__Task item__
Within the data that follows, set down exactly the lines from the one containing "- exists a, b;" through the one containing "(* Common multiples", both ends included.

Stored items
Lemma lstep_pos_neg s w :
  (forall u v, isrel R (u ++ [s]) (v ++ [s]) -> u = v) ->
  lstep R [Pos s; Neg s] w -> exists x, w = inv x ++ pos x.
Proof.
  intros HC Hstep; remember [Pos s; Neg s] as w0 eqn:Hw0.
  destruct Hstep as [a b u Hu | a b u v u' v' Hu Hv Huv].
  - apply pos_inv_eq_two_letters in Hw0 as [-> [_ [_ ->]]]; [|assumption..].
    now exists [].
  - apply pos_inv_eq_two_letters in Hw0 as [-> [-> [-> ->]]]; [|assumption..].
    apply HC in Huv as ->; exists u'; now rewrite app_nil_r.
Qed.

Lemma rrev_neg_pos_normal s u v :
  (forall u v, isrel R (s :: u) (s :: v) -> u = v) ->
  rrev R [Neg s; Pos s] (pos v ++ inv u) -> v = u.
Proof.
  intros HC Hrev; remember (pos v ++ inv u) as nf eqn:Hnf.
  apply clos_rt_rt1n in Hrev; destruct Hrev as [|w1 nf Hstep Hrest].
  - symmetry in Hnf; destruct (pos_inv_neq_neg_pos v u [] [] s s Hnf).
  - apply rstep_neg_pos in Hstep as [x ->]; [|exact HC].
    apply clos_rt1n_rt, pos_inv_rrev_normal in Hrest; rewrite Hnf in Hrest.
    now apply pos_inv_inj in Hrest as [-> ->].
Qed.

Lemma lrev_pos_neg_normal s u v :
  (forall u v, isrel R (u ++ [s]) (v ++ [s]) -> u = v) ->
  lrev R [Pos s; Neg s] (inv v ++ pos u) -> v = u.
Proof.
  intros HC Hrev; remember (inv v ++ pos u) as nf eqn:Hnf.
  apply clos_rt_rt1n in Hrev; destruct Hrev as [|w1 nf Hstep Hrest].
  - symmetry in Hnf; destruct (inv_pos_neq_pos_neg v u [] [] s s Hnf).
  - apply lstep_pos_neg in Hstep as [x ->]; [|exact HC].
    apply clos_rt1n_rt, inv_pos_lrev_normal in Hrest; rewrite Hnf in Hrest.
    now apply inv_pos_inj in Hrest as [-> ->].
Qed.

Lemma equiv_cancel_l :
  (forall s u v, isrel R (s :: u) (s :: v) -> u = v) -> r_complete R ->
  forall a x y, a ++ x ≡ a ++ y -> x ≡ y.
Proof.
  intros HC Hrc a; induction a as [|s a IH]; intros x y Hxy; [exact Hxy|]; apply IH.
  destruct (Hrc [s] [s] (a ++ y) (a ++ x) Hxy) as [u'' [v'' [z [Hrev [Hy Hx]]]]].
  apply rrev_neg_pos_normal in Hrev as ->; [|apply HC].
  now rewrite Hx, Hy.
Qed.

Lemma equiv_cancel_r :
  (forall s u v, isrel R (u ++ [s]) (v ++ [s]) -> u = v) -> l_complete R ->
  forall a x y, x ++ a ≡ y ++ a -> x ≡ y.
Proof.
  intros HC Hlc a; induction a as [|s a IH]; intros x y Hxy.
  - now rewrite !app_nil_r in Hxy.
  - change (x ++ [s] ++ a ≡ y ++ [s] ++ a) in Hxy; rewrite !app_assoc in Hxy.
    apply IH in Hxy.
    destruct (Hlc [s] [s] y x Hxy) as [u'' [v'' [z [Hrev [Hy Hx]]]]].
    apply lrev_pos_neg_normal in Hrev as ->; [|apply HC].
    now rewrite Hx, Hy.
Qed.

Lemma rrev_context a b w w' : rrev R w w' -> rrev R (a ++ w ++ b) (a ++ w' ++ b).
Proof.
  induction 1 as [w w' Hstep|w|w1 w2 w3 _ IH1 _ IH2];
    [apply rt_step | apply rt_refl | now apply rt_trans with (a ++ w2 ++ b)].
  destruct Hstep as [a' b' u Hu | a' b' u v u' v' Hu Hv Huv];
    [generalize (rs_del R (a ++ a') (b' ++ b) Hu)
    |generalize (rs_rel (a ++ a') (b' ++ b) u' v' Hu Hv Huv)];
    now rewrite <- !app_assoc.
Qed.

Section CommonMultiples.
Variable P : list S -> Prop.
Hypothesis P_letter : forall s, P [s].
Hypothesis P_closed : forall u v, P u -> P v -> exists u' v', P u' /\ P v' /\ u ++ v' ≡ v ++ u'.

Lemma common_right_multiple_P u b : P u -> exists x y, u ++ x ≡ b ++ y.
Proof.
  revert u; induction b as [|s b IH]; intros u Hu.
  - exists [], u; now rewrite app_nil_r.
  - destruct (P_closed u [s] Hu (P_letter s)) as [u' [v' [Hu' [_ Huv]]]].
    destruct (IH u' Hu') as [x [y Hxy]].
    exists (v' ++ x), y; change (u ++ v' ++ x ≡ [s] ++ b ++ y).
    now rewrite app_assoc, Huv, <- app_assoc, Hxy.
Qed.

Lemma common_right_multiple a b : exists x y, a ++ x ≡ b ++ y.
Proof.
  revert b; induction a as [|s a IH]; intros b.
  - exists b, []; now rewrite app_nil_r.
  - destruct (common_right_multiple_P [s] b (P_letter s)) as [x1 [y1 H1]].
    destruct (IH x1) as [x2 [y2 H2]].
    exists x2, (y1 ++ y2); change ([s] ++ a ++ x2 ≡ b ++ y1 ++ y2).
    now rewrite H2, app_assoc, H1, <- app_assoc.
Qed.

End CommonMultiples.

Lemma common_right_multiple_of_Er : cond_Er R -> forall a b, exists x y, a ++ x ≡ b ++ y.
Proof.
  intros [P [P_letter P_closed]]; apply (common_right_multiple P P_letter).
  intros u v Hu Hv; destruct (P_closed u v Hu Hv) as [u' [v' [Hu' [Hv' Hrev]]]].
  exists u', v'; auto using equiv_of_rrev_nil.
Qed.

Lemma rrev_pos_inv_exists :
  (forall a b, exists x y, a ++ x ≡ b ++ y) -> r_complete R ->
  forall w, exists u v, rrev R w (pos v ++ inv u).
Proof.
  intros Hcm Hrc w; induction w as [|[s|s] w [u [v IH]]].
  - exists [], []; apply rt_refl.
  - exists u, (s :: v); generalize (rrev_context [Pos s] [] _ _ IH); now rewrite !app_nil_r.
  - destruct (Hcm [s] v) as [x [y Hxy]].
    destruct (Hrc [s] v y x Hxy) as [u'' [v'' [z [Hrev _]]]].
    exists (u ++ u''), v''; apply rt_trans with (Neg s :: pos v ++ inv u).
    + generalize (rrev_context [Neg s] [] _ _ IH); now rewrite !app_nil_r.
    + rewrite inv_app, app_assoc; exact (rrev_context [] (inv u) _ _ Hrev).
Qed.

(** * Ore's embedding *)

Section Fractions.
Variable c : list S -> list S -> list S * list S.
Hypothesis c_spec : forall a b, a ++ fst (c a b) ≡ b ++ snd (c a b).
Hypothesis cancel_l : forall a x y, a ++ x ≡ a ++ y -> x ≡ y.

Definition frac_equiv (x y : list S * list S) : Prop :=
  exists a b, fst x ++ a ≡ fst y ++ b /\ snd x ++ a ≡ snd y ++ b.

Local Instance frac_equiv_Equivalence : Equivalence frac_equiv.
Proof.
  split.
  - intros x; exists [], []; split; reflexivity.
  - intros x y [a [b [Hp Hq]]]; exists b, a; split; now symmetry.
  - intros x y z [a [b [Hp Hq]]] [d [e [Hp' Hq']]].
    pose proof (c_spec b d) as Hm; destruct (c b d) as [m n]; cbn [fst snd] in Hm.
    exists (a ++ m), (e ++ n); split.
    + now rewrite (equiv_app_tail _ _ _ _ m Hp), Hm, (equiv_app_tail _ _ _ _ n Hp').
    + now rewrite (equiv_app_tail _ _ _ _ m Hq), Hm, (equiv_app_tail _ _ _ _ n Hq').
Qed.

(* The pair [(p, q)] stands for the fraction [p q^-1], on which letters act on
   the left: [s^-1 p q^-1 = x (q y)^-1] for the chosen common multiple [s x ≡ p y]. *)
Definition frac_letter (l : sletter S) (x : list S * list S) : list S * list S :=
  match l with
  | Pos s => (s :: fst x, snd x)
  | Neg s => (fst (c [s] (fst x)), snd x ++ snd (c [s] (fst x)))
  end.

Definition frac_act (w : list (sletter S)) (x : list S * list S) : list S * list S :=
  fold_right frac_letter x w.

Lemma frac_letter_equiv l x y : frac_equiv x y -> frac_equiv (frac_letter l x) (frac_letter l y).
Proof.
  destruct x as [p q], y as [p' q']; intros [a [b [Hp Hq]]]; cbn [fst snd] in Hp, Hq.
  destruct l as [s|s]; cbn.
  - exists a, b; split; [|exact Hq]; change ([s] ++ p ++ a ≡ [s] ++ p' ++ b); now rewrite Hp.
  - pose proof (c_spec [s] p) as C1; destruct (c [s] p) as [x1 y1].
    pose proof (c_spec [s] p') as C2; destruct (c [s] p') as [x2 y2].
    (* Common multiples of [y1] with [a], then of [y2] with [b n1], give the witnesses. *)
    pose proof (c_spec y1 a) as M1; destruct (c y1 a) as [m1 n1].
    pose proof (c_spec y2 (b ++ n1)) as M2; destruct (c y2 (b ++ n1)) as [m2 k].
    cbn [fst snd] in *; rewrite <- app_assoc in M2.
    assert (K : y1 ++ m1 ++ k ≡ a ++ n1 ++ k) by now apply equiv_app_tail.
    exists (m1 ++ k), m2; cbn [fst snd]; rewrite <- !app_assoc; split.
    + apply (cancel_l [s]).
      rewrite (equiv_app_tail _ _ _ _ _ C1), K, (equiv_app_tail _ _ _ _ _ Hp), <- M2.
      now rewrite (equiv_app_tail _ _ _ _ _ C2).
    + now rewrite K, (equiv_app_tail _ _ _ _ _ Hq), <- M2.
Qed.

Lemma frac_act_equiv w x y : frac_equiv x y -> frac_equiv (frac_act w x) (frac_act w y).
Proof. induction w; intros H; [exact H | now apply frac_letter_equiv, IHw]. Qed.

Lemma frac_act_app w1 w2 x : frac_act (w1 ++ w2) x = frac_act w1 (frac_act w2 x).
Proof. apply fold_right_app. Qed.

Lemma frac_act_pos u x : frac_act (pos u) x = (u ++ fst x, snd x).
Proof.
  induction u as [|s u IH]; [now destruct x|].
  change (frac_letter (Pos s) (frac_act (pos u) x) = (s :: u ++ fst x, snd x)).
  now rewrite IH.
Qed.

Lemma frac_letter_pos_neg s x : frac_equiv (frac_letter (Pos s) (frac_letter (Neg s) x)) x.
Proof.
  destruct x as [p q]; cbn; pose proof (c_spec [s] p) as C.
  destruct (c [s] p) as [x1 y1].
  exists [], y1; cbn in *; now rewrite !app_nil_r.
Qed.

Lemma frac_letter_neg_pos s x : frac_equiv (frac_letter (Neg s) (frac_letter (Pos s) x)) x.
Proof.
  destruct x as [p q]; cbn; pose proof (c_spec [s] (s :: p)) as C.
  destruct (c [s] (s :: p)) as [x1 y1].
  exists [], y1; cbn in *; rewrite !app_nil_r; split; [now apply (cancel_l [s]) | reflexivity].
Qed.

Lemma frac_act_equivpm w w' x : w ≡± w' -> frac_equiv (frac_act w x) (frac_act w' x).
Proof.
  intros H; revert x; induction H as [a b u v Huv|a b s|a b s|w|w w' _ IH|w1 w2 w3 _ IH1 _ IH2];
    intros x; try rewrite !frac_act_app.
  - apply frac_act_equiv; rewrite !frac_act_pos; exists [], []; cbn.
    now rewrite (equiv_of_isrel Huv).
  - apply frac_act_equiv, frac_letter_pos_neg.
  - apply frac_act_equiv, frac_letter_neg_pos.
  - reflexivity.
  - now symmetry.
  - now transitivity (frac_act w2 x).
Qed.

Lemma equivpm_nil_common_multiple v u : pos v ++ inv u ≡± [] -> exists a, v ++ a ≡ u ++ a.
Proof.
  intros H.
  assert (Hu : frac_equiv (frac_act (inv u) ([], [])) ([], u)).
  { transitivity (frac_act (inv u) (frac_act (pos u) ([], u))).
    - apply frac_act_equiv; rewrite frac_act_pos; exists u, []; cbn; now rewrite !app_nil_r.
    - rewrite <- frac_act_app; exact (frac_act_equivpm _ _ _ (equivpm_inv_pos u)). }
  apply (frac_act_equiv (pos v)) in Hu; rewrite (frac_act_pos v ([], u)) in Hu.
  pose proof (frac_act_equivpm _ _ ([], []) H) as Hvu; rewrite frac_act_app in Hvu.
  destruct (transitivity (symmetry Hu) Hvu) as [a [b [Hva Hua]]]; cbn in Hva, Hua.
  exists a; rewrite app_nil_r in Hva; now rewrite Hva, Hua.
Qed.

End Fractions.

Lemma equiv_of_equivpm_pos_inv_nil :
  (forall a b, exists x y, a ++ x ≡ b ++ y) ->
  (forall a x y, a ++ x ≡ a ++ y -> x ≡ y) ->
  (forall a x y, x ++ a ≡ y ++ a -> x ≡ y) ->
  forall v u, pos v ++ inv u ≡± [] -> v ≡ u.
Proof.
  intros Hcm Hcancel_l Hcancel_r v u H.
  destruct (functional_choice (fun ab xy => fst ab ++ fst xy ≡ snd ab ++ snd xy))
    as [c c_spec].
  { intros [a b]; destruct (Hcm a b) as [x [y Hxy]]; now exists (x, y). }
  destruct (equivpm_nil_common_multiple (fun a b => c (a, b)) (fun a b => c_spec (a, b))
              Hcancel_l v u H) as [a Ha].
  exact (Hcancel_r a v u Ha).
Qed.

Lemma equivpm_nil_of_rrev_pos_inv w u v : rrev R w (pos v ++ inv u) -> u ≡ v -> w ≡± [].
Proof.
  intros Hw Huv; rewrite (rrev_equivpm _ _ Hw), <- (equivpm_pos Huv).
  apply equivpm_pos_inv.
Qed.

__Answer space__
  - exists a, b; split; [|exact Hq]; change ([s] ++ p ++ a ≡ [s] ++ p' ++ b); now rewrite Hp.
  - pose proof (c_spec [s] p) as C1; destruct (c [s] p) as [x1 y1].
    pose proof (c_spec [s] p') as C2; destruct (c [s] p') as [x2 y2].
    (* Common multiples of [y1] with [a], then of [y2] with [b n1], give the witnesses. *)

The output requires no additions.